Die autonomie moest wel bevochten worden. Nadat de Kuna’s waren verjaagd uit hun oorspronkelijke habitat, het Darién-regenwoud bij de Colombiaanse grens, vestigden ze zich op de eilanden. Totdat de Panamese politie de eilanden bezette en de Kuna-indianen opnieuw wilde verdrijven. Jaarlijks op 25 februari wordt de Kuna-revolutie van 1925 herdacht, toen de indianen met zwaarden en gifpijlen tientallen politie-agenten en overgelopen stamgenoten vermoordden. De Kuna’s kregen zelfbestuur over een eigen provincie, de Comarca de Kuna Yala – letterlijk de ‘regio van het territorium van de Kuna’.
De kokosnoot is hier nog een officiële valuta, maar je kunt tegenwoordig ook terecht met dollars – de koers is 2:1, twee kokosnoten is één dollar. De indianen leven nu van de kokosnotenhandel en visserij, maar vooral van het toerisme. Op verschillende eilanden zijn kleinschalige lodges van suikerriet en palmblad zonder elektriciteit of stromend water, en op de veel drukkere hoofdeilanden is er een handvol hotels van steen en beton mét die moderne gemakken. In de meeste gevallen werden die gebouwd door Panamese of westerse investeerders – maar altijd hebben de Kuna-indianen een meerderheidsbelang.
Tokkies in het paradijs
Van de vierhonderd San Blas-eilanden zijn er veertig bewoond. Narasgandup, waar wij verblijven, is een van de weinige eilandjes waar zowel indianen wonen als toeristen worden gehuisvest. Dat biedt ons de kans om uitgebreid te buurten bij de lokale bevolking. Die blijkt verdeeld: in het binnenland, voorzover je daarvan kunt spreken op een eiland ter grootte van een speldenknop, staan de vier hutjes van de familie die het hotelletje runt, aan het strand links van het restaurant staan nog vier hutjes, bewoond door de andere familie.
De Tokkies van de San Blas-eilanden zijn ze, die indianenfamilie die de westelijke helft van Narasgandup bewoont. De kokosnotenverkoper vindt ze bad for bizznizz, bij de minisuper stapelen de rekeningen zich op, de wasvrouw verzet geen stap meer voor ze, hotelmanager Ausberto heeft slapeloze nachten van ze, en de oude en doorgaans zo wijze eilandoudste weet zich geen raad. Hun bountystrand ligt vol zwerfvuil, de hutjes zijn bouwvallig, de kids gaan niet naar school en pas rond het middaguur komen de ouders eens uit hun nest, om daarna niks anders te doen dan niksdoen.

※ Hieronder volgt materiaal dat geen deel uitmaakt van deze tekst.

(* Let $(E,\tau)$ be a locally solid vector lattice, where $\tau$ is an o-Lebesgue topology. The following are equivalent: (1) $C_\tau=E$; (2) $E$ has the countable sup property; (3) every $\tau$-convergent net in $E$ has an embedded sequence that is uo-convergent to the same limit; (4) every increasing $\tau$-convergent net in $E^+$ has an embedded sequence that is uo-convergent to the same limit.
   Context: All vector lattices are real and Archimedean; linear topologies are Hausdorff. A locally solid topology on a vector lattice is a linear topology such that zero has a neighbourhood basis of solid sets. A net $(x_\alpha)$ order converges to $x$ if there is a net $y_\beta\downarrow0$ such that for each $\beta_0$ eventually $|x_\alpha-x|\leq y_{\beta_0}$; it uo-converges to $x$ if $|x_\alpha-x|\wedge|y|$ order converges to $0$ for every $y\in E$. An o-Lebesgue topology is a locally solid topology in which every order convergent net converges topologically to the same limit. A sequence $(V_n)$ of neighbourhoods of zero is normal if $V_{n+1}+V_{n+1}\subseteq V_n$; the carrier $C_\tau$ is the union of the disjoint complements $N^{\mathrm d}$ where $N=\bigcap_nV_n$ ranges over intersections of normal sequences of solid $\tau$-neighbourhoods of zero. $E$ has the countable sup property if every subset with a supremum contains an at most countable subset with the same supremum. Embedded sequence: given a net $(x_\alpha)_{\alpha\in A}$, a sequence $(x_{\alpha_n})_{n\geq1}$ with $\alpha_1\leq\alpha_2\leq\dotsb$, strictly increasing when $A$ has no largest element. *)

From HB Require Import structures.
From mathcomp Require Import all_boot all_order all_algebra.
From mathcomp Require Import all_classical all_reals all_analysis.
Set Implicit Arguments. Unset Strict Implicit. Unset Printing Implicit Defensive.
Import Order.TTheory GRing.Theory Num.Theory.
Local Open Scope classical_set_scope.
Local Open Scope ring_scope.

Record vector_lattice (R : realType) (E : lmodType R) := VectorLattice {
  vle : E -> E -> Prop;
  vle_refl : forall x, vle x x;
  vle_trans : forall x y z, vle x y -> vle y z -> vle x z;
  vle_anti : forall x y, vle x y -> vle y x -> x = y;
  vle_add : forall x y z, vle x y -> vle (x + z) (y + z);
  vle_scale : forall (a : R) x y, 0 <= a -> vle x y -> vle (a *: x) (a *: y);
  vsup : E -> E -> E;
  vsup_ub1 : forall x y, vle x (vsup x y);
  vsup_ub2 : forall x y, vle y (vsup x y);
  vsup_least : forall x y z, vle x z -> vle y z -> vle (vsup x y) z
}.

Section VL.
Context {R : realType} {E : lmodType R} (L : vector_lattice E).

Definition vinf (x y : E) : E := - vsup L (- x) (- y).
Definition vabs (x : E) : E := vsup L x (- x).

Definition archimedean_vl : Prop :=
  forall x y : E, (forall n : nat, vle L (x *+ n) y) -> vle L x 0.

Definition is_sup (S : set E) (s : E) : Prop :=
  (forall x, S x -> vle L x s) /\ (forall z, (forall x, S x -> vle L x z) -> vle L s z).
Definition is_inf (S : set E) (s : E) : Prop :=
  (forall x, S x -> vle L s x) /\ (forall z, (forall x, S x -> vle L z x) -> vle L z s).

Definition solid (A : set E) : Prop :=
  forall x y, A x -> vle L (vabs y) (vabs x) -> A y.

Definition countable_sup_property : Prop :=
  forall (S : set E) (s : E), is_sup S s ->
    exists C : set E, C `<=` S /\ countable C /\ is_sup C s.

Definition dcompl (N : set E) : set E :=
  [set x | forall y, N y -> vinf (vabs x) (vabs y) = 0].
End VL.

Record dirset (I : Type) := DirSet {
  dle : I -> I -> Prop;
  dle_refl : forall a, dle a a;
  dle_trans : forall a b c, dle a b -> dle b c -> dle a c;
  dle_dir : forall a b, exists c, dle a c /\ dle b c;
  dle_inh : inhabited I
}.

Definition dlt (I : Type) (D : dirset I) (a b : I) : Prop :=
  dle D a b /\ ~ dle D b a.

Lemma nat_dir_refl (a : nat) : (a <= a)%N. Proof. exact: leqnn. Qed.
Lemma nat_dir_trans (a b c : nat) : (a <= b)%N -> (b <= c)%N -> (a <= c)%N.
Proof. exact: leq_trans. Qed.
Lemma nat_dir_dir (a b : nat) : exists c, (a <= c)%N /\ (b <= c)%N.
Proof. by exists (maxn a b); rewrite leq_maxl leq_maxr. Qed.

Definition natD : dirset nat :=
  @DirSet nat (fun a b => (a <= b)%N) nat_dir_refl nat_dir_trans nat_dir_dir
    (inhabits 0%N).

Section Conv.
Context {R : realType} {E : topologicalLmodType R} (L : vector_lattice E).

Definition tconv (I : Type) (D : dirset I) (x : I -> E) (l : E) : Prop :=
  forall U, nbhs l U -> exists a0, forall a, dle D a0 a -> U (x a).

Definition decr_to0 (J : Type) (DJ : dirset J) (y : J -> E) : Prop :=
  (forall b b', dle DJ b b' -> vle L (y b') (y b)) /\ is_inf L (range y) 0.

Definition oconv (I : Type) (D : dirset I) (x : I -> E) (l : E) : Prop :=
  exists (J : Type) (DJ : dirset J) (y : J -> E), decr_to0 DJ y /\
    forall b0, exists a0, forall a, dle D a0 a -> vle L (vabs L (x a - l)) (y b0).

Definition uoconv (I : Type) (D : dirset I) (x : I -> E) (l : E) : Prop :=
  forall w : E, oconv D (fun a => vinf L (vabs L (x a - l)) (vabs L w)) 0.

Definition locally_solid : Prop :=
  forall U, nbhs (0 : E) U -> exists V, nbhs (0 : E) V /\ solid L V /\ V `<=` U.

Definition o_lebesgue : Prop :=
  locally_solid /\
  forall (I : Type) (D : dirset I) (x : I -> E) (l : E), oconv D x l -> tconv D x l.

Definition normal_solid_seq (V : nat -> set E) : Prop :=
  forall n, nbhs (0 : E) (V n) /\ solid L (V n) /\
    (forall a b, V n.+1 a -> V n.+1 b -> V n (a + b)).

Definition carrier : set E :=
  [set x | exists V, normal_solid_seq V /\ dcompl L (\bigcap_n V n) x].

Definition embedded_indices (I : Type) (D : dirset I) (alpha : nat -> I) : Prop :=
  (forall n, dle D (alpha n) (alpha n.+1)) /\
  ((~ exists m, forall b, dle D b m) -> forall n, dlt D (alpha n) (alpha n.+1)).

Definition increasing_pos_net (I : Type) (D : dirset I) (x : I -> E) : Prop :=
  (forall a, vle L 0 (x a)) /\ (forall a b, dle D a b -> vle L (x a) (x b)).
End Conv.

(* (1) => (3): every [x_a - l] of a net converging to [l] lies in the carrier, i.e. is
   disjoint from the kernel of some normal sequence.  Choose the indices [alpha n]
   recursively so that the tail of the net beyond [alpha n.+1] lies in the [n.+1]-st
   term of the meet [W] of the normal sequences attached to the terms already chosen.
   Then [z_n := |x_(alpha n) - l| /\ |w|] lies in [W n] and is disjoint from the kernel
   of [W].  An element [p >= 0] below every eventual upper bound of [(z_n)] lies in that
   kernel (tails of the series of the [z_n] stay in [W n.+1], and the o-Lebesgue property
   absorbs [(p - tail)^+]), so [p] is disjoint from all [z_n], and the Archimedean
   property forces [p = 0]: [z_n] order converges to [0].
   (3) => (4) is trivial.
   (4) => (2): the finite suprema of a set increase and order converge to its supremum,
   so they converge topologically; the countably many elements of the set involved in
   a uo-convergent embedded sequence already have the same supremum.
   (2) => (1): the kernel [N] of a normal sequence is a band, because an element
   [q >= 0] disjoint from [N^d] is the supremum of [N] in [[0, q]], hence a topological
   limit of elements of [N].  So an element disjoint from the whole carrier is in every
   neighbourhood of [0], and [|x|] is the supremum of the carrier in [[0, |x|]]; a
   countable part with the same supremum is disjoint from the kernel of one diagonal
   normal sequence, and then so is [|x|]. *)

From HB Require Import structures.
From mathcomp Require Import all_boot all_order all_algebra.
From mathcomp Require Import all_classical all_reals all_analysis.
Import Order.TTheory GRing.Theory Num.Theory.
Local Open Scope classical_set_scope.
Local Open Scope ring_scope.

Op de beschaafde helft van het eiland gonst het intussen van de bedrijvigheid. Tante wast, oom klautert naar kokosnoten, opa bakt het kokosbrood bruin, pa is uit vissen en de kinderen hebben het lokale winkelcentrum geopend. Aan een waslijn tussen twee palmbomen hangt een assortiment van fleurige molas; met engelengeduld in elkaar genaaide, traditionele textielen versieringen. Speciaal voor toeristen worden ze voorzien van bloemen, vissen en vogels, maar authentieker zijn die met geometrische motieven. In elke mola zit een volle dag handnijverheid en toch gaan ze voor tien dollar van de hand – of vijf voor een tweedehandsje.
Un dollar please
De mannelijke Kuna-indianen gaan tegenwoordig graag westers gekleed, in T-shirt, spijkerbroek en baseballpetje, maar voor toeristen verschijnen de vrouwen nog in hun traditionele kledij: een druk bedrukte doek bij wijze van wikkelrok, daarboven een al even bonte blouse en op de buik een mola, om de armen en onderbenen dragen ze brede kleurige kralenbanden. Het doet bijna pijn aan je ogen, zoveel kleur. Onze camera’s klikklakken er lustig op los, want geen volk op aarde zo fotogeniek als de Kuna-indianen.
Zelf weten ze dat ook. Wel graag even afrekenen dus, want elke foto kost een dollar. Een slim handelsinstinct kun je de Kuna’s niet ontzeggen, dat hebben ze eeuwenlang tot in de puntjes geperfectioneerd in de internationale kokosnotenhandel. Nu die in het slop zit, moeten ze rondkomen van het toerisme. Die foto-dollar is ze dus gegund, al was het maar omdat het je de rest van je leven bijblijft, zo’n bezoek aan een bountyparadijs vol indianen.